◆ **ABOUT THIS TASK**
Set down each line from the start of the material exactly, please, up to and including the one that contains "apply: measurable_funM; first".

Segment Start: EXTRACTED INFORMATION

Lemma measurable_opp : measurable_fun setT (fun x : T => (- x : T)).
Proof.
apply: (measurability _ measurable_boxesE) => // _ [_ [a [b ->]] <-].
rewrite setTI (_ : _ @^-1` _ =
    [set x : T | forall i, x ord0 i \in `[- b ord0 i, - a ord0 i[]).
  exact: measurable_coordwise.
by apply/seteqP; split => x x_in i; move: (x_in i);
  rewrite ?in_itv /= !mxE => /andP[? ?]; apply/andP; split; lra.
Qed.

Lemma measurable_dotv w : measurable_fun setT (fun x : T => dotv w x).
Proof.
by apply: measurable_sum => i; apply: measurable_funM => //; exact: measurable_coord.
Qed.

Lemma measurable_enorm : measurable_fun setT (fun x : T => enorm x).
Proof.
have msqrt : measurable_fun setT (@Num.sqrt R).
  by apply: nondecreasing_measurable => //; exact: ler_wsqrtr.
apply: (measurableT_comp msqrt).
by apply: measurable_sum => i; apply: measurable_funM; exact: measurable_coord.
Qed.

Lemma measurable_enorm_lt r : measurable [set x : T | enorm x < r].
Proof.
rewrite -[X in measurable X]setTI.
rewrite (_ : [set x | _] = (fun x : T => enorm x) @^-1` `]-oo, r[%classic).
  exact: measurable_enorm.
by apply/seteqP; split => x /=; rewrite in_itv.
Qed.

Lemma measurable_dotv_clip v {c : R} : 0 < c ->
  measurable_fun setT (fun u : T => dotv v (clip u c)).
Proof.
move=> c_gt0; have minv : measurable_fun setT (fun y : R => (Num.max y c)^-1).
  apply: nonincreasing_measurable => // y z y_le.
  by rewrite lef_pV2 ?posrE ?lt_max ?c_gt0 ?orbT // ge_max !le_max y_le lexx !orbT.
rewrite (_ : (fun u => _) =
    fun u : T => c * dotv v u * (Num.max (enorm u) c)^-1).
  apply: measurable_funM; first by apply: measurable_funM => //; exact: measurable_dotv.
  exact: (measurableT_comp minv measurable_enorm).
by apply/funext => u; rewrite dotv_clip.
Qed.

End coordinates.

Section open_boxes.
Context {R : realType} {d : nat}.
Local Notation T := (Rd R d).
Implicit Types (a b : 'rV[R]_d).

(* Negation maps open boxes to open boxes, unlike the half-open generators of the
   sigma-algebra. *)
Definition obox a b : set T := [set x | forall i, a ord0 i < x ord0 i < b ord0 i].

Definition oboxes : set (set T) := [set A | exists a b, A = obox a b].

Lemma measurable_obox a b : measurable (obox a b).
Proof.
rewrite (_ : obox a b = [set x | forall i, x ord0 i \in `]a ord0 i, b ord0 i[]).
  exact: measurable_coordwise.
by apply/seteqP; split => x x_in i; move: (x_in i); rewrite in_itv.
Qed.

Lemma obox_bigcup_box a b : obox a b = \bigcup_n box a (b - const_mx (harmonic n)).
Proof.
apply/seteqP; split => [x x_in|x [n _ x_in] i]; last first.
  have := @harmonic_gt0 R n; move: (x_in i); rewrite !mxE.
  by move=> /andP[-> le_b]; lra.
have bx_gt0 i : 0 < b ord0 i - x ord0 i.
  by move: (x_in i); rewrite subr_gt0 => /andP[].
have [N _ hN] := filter_forall _ (fun i => near_infty_natSinv_lt (PosNum (bx_gt0 i))).
exists N => // i; have : harmonic N < b ord0 i - x ord0 i := hN N (leqnn N) i.
by move: (x_in i); rewrite !mxE => /andP[-> _]; lra.
Qed.

Lemma box_bigcap_obox a b : box a b = \bigcap_n obox a (b + const_mx (harmonic n)).
Proof.
apply/seteqP; split => [x x_in n _ i|x x_in i].
  have := @harmonic_gt0 R n; move: (x_in i); rewrite !mxE.
  by move=> /andP[-> le_b]; lra.
have := x_in 0%N I i; move=> /andP[-> _] /=.
rewrite leNgt; apply/negP => b_lt.
have xb_gt0 : 0 < x ord0 i - b ord0 i by rewrite subr_gt0.
have [N _ hN] := near_infty_natSinv_lt (PosNum xb_gt0).
have : harmonic N < x ord0 i - b ord0 i := hN N (leqnn N).
by have := x_in N I i; rewrite !mxE => /andP[_]; lra.
Qed.

Lemma oboxes_setI : setI_closed oboxes.
Proof.
move=> _ _ [a [b ->]] [a' [b' ->]].
exists (\row_i Num.max (a ord0 i) (a' ord0 i)), (\row_i Num.min (b ord0 i) (b' ord0 i)).
apply/seteqP; split => [x [x_ab x_ab'] i|x x_in].
  move: (x_ab i) (x_ab' i); rewrite !mxE gt_max lt_min.
  by move=> /andP[-> ->] /andP[-> ->].
by split=> i; move: (x_in i); rewrite !mxE gt_max lt_min;
  move=> /and3P[/andP[? ?] ? ?]; apply/andP.
Qed.

Lemma bigcup_obox_setT : \bigcup_n obox (- const_mx n%:R) (const_mx n%:R) = setT.
Proof.
apply/seteqP; split => // x _; have [n x_lt] := row_bounded x.
by exists n => // i; rewrite !mxE -ltr_norml.
Qed.

Lemma measurable_oboxesE : @measurable _ T = <<s oboxes >>.
Proof.
apply/seteqP; split; last first.
  apply: smallest_sub => [|_ [a [b ->]]]; first exact: sigma_algebra_measurable.
  exact: measurable_obox.
apply: smallest_sub => [|_ [a [b ->]]]; first exact: smallest_sigma_algebra.
rewrite box_bigcap_obox; apply: (@bigcapT_measurable _ (g_sigma_algebraType oboxes)).
by move=> n; apply: sub_sigma_algebra; exists a, (b + const_mx (harmonic n)).
Qed.

Lemma opp_preimage_obox a b :
  (fun x : T => (- x : T)) @^-1` obox a b = obox (- b) (- a).
Proof.
by apply/seteqP; split => x x_in i; move: (x_in i); rewrite !mxE => /andP[? ?];
  apply/andP; split; lra.
Qed.

End open_boxes.

Section density_lower_bound.
Context {d} {T : measurableType d} {R : realType} (mu : {measure set T -> \bar R}).

Lemma integral_density_ge {p g : T -> R} {A : set T} {k : R} : measurable A ->
    measurable_fun setT p -> measurable_fun setT g ->
    (forall x, 0 <= p x) -> (forall x, 0 <= g x) -> 0 <= k ->
    (forall x, A x -> k <= g x) ->
  (k%:E * \int[mu]_(x in A) (p x)%:E <= \int[mu]_x (p x * g x)%:E)%E.
Proof.
move=> mA mp mg p_ge0 g_ge0 k_ge0 k_le.
have mpg : measurable_fun setT (fun x => (p x * g x)%:E).
  by apply/measurable_EFinP; exact: measurable_funM.
rewrite -ge0_integralZl_EFin //; last 2 first.
- by move=> x _; rewrite lee_fin.
- by apply/measurable_EFinP; exact: measurable_funTS.
under eq_integral do rewrite -EFinM.
apply: (@le_trans _ _ (\int[mu]_(x in A) (p x * g x)%:E)%E).
  apply: ge0_le_integral => //.
  - by move=> x _; rewrite lee_fin mulr_ge0.
  - by apply/measurable_EFinP; apply: measurable_funTS; exact: measurable_funM.
  - exact: measurable_funTS.
  - by move=> x Ax; rewrite lee_fin mulrC ler_wpM2l ?k_le.
by apply: ge0_subset_integral => // x _; rewrite lee_fin mulr_ge0.
Qed.

End density_lower_bound.

Section lebesgue_reflection.
Context {R : realType} {d : nat}.
Local Notation T := (Rd R d).
Context {lam : {measure set T -> \bar R}}.
Hypothesis lam_box : is_lebesgue_Rd lam.

Lemma lebesgue_obox a b :
  lam (obox a b) = lim (lam (box a (b - const_mx (harmonic n))) @[n --> \oo]).
Proof.
rewrite obox_bigcup_box; apply/esym/cvg_lim => //.
apply: nondecreasing_cvg_mu => [n||n m nm]; first exact: measurable_box.
  by apply: bigcupT_measurable => n; exact: measurable_box.
apply/subsetPset => x x_in i; move: (x_in i); rewrite !mxE => /andP[-> le_b].
have : harmonic m <= harmonic n :> R by rewrite /= lef_pV2 ?posrE // ler_nat ltnS.
lra.
Qed.

Lemma lebesgue_obox_opp a b : lam (obox (- b) (- a)) = lam (obox a b).
Proof.
rewrite !lebesgue_obox; apply/congr_lim/funext => n /=.
rewrite !lam_box; congr EFin; apply: eq_bigr => i _; rewrite !mxE.
by congr (Num.max _ 0); ring.
Qed.

Lemma lebesgue_opp A : measurable A -> lam ((fun x : T => (- x : T)) @^-1` A) = lam A.
Proof.
move=> mA; apply/esym; change (lam A = pushforward lam (fun x : T => (- x : T)) A).
apply: (measure_unique oboxes (fun n => obox (- const_mx n%:R) (const_mx n%:R))).
- exact: measurable_oboxesE.
- exact: oboxes_setI.
- by move=> n; exists (- const_mx n%:R), (const_mx n%:R).
- exact: bigcup_obox_setT.
- exact: measurable_opp.
- move=> mopp _ [a [b ->]].
  change (lam (obox a b) = lam ((fun x : T => (- x : T)) @^-1` obox a b)).
  by rewrite opp_preimage_obox lebesgue_obox_opp.
- move=> n; apply: (@le_lt_trans _ _ (lam (box (- const_mx n%:R) (const_mx n%:R)))).
    apply: le_measure; rewrite ?inE; [exact: measurable_obox|exact: measurable_box|].
    by move=> x x_in i; case/andP: (x_in i) => -> /ltW.
  by rewrite lam_box ltry.
- exact: mA.
Qed.

Lemma integral_opp (f : T -> \bar R) : measurable_fun setT f ->
    lam.-integrable setT (fun x => f (- x)%R) ->
  (\int[lam]_x f (- x)%R = \int[lam]_x f x)%E.
Proof.
move=> mf intf.
have := integral_pushforward (mu := lam) measurable_opp mf intf measurableT.
rewrite preimage_setT => <-.
apply: eq_measure_integral => [|mopp A mA _]; first exact: measurable_opp.
exact (lebesgue_opp A mA).
Qed.

Section even_density.
Context {p : T -> R}.
Hypotheses (p_density : is_density lam p) (p_even : forall x, p x = p (- x)).

Lemma integrable_density : lam.-integrable setT (EFin \o p).
Proof.
have [mp p_ge0 p_int1] := p_density.
apply/integrableP; split; first exact/measurable_EFinP.
by under eq_integral do rewrite /= ger0_norm //; rewrite p_int1 ltry.
Qed.

Lemma integrable_density_mul {g : T -> R} {M : R} : measurable_fun setT g ->
  (forall x, `|g x| <= M) -> lam.-integrable setT (fun x => (p x * g x)%:E).
Proof.
move=> mg g_le; apply: (eq_integrable _ ((EFin \o p) \* (EFin \o g))%E) => //.
apply: integrableMl integrable_density mg _ => //.
exists M; split => [|N M_lt x _]; first exact: num_real.
exact: le_trans (g_le x) (ltW M_lt).
Qed.

Lemma dexpect_symmetrize {g : T -> R} {M : R} : measurable_fun setT g ->
    (forall x, `|g x| <= M) ->
  (dexpect lam p g + dexpect lam p g = dexpect lam p (fun x => (g x + g (- x))%R))%E.
Proof.
move=> mg g_le; have [mp _ _] := p_density.
have mgN : measurable_fun setT (fun x : T => g (- x)).
  exact: (measurableT_comp mg measurable_opp).
have int_pgN := integrable_density_mul mgN (fun x => g_le (- x)).
have reflect : (\int[lam]_x (p x * g x)%:E = \int[lam]_x (p x * g (- x))%:E)%E.
  rewrite -(integral_opp (fun x => (p x * g x)%:E)).
  - by apply: eq_integral => x _; rewrite -p_even.
  - by apply/measurable_EFinP; exact: measurable_funM.
  - by apply: (eq_integrable measurableT _ _ _ int_pgN) => x _; rewrite -p_even.
rewrite /dexpect [X in (_ + X)%E]reflect -integralD //.
  by apply: eq_integral => x _; rewrite mulrDr EFinD.
exact: integrable_density_mul mg g_le.
Qed.

Lemma dexpect_even_density_ge {g : T -> R} {M : R} {A : set T} {k : R} :
    measurable A -> measurable_fun setT g -> (forall x, `|g x| <= M) ->
    (forall x, 0 <= g x + g (- x)) -> 0 <= k ->
    (forall x, A x -> 2 * k <= g x + g (- x)) ->
  (k%:E * dprob lam p A <= dexpect lam p g)%E.
Proof.
move=> mA mg g_le gN_ge0 k_ge0 k_le; have [mp p_ge0 _] := p_density.
have E_fin : dexpect lam p g \is a fin_num.
  exact/integrable_fin_num/(integrable_density_mul mg g_le).
have P_fin : dprob lam p A \is a fin_num.
  have := integrableS measurableT mA (subsetT _) integrable_density.
  exact: integrable_fin_num.
have : ((2 * k)%:E * dprob lam p A <= dexpect lam p g + dexpect lam p g)%E.
  rewrite (dexpect_symmetrize mg g_le); apply: integral_density_ge => //.
  - exact: measurable_funD mg (measurableT_comp mg measurable_opp).
  - by rewrite mulr_ge0.
by rewrite -(fineK E_fin) -(fineK P_fin) -EFinD -!EFinM !lee_fin; nra.
Qed.

End even_density.
End lebesgue_reflection.

Theorem theorem2 (R : realType) (d : nat)
    (lam : {measure set (Rd R d) -> \bar R}) (Hlam : is_lebesgue_Rd lam)
    (p : Rd R d -> R) (Hp : is_density lam p)
    (Hsym : forall xi : Rd R d, p xi = p (- xi))
    (c : R) (hc : 0 < c) (v : 'rV[R]_d) :
  let E := dexpect lam p (fun xi => dotv v (clip (v + xi) c)) in
  let q := dprob lam p [set xi | enorm xi < c / 4] in
  (enorm v <= 3 / 4 * c -> ((enorm v ^+ 2)%:E * q <= E)%E) /\
  (3 / 4 * c < enorm v -> ((3 / 4 * c * enorm v)%:E * q <= E)%E).
Proof.
move=> E q; pose f (xi : Rd R d) := dotv v (clip (v + xi) c).
have mf : measurable_fun setT f.
  exact: measurableT_comp (measurable_dotv_clip v hc) (measurable_translation v).
have lower k : 0 <= k ->
    (forall xi, enorm xi < c / 4 -> 2 * k <= f xi + f (- xi)) -> (k%:E * q <= E)%E.
  move=> k_ge0 k_le; apply: (dexpect_even_density_ge Hlam Hp Hsym
    (measurable_enorm_lt _) mf _ _ k_ge0 k_le).
  - by move=> xi; exact: normr_dotv_clip_le.
  - by move=> xi; exact: (clip_sym_ge0 v hc xi).
split => v_le; apply: lower.
- exact: sqr_ge0.
- by move=> xi xi_lt; rewrite clip_sym_small //; lra.
- by apply: mulr_ge0; [apply: mulr_ge0 | exact: enorm_ge0]; lra.
- by move=> xi; exact: clip_sym_large.
Qed.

Segment End: EXTRACTED INFORMATION

◆ **EXERCISE RESULT**
Lemma measurable_opp : measurable_fun setT (fun x : T => (- x : T)).
Proof.
apply: (measurability _ measurable_boxesE) => // _ [_ [a [b ->]] <-].
rewrite setTI (_ : _ @^-1` _ =
    [set x : T | forall i, x ord0 i \in `[- b ord0 i, - a ord0 i[]).
  exact: measurable_coordwise.
by apply/seteqP; split => x x_in i; move: (x_in i);
  rewrite ?in_itv /= !mxE => /andP[? ?]; apply/andP; split; lra.
Qed.

Lemma measurable_dotv w : measurable_fun setT (fun x : T => dotv w x).
Proof.
by apply: measurable_sum => i; apply: measurable_funM => //; exact: measurable_coord.
Qed.

Lemma measurable_enorm : measurable_fun setT (fun x : T => enorm x).
Proof.
have msqrt : measurable_fun setT (@Num.sqrt R).
  by apply: nondecreasing_measurable => //; exact: ler_wsqrtr.
apply: (measurableT_comp msqrt).
by apply: measurable_sum => i; apply: measurable_funM; exact: measurable_coord.
Qed.

Lemma measurable_enorm_lt r : measurable [set x : T | enorm x < r].
Proof.
rewrite -[X in measurable X]setTI.
rewrite (_ : [set x | _] = (fun x : T => enorm x) @^-1` `]-oo, r[%classic).
  exact: measurable_enorm.
by apply/seteqP; split => x /=; rewrite in_itv.
Qed.

Lemma measurable_dotv_clip v {c : R} : 0 < c ->
  measurable_fun setT (fun u : T => dotv v (clip u c)).
Proof.
move=> c_gt0; have minv : measurable_fun setT (fun y : R => (Num.max y c)^-1).
  apply: nonincreasing_measurable => // y z y_le.
  by rewrite lef_pV2 ?posrE ?lt_max ?c_gt0 ?orbT // ge_max !le_max y_le lexx !orbT.
rewrite (_ : (fun u => _) =
    fun u : T => c * dotv v u * (Num.max (enorm u) c)^-1).
  apply: measurable_funM; first by apply: measurable_funM => //; exact: measurable_dotv.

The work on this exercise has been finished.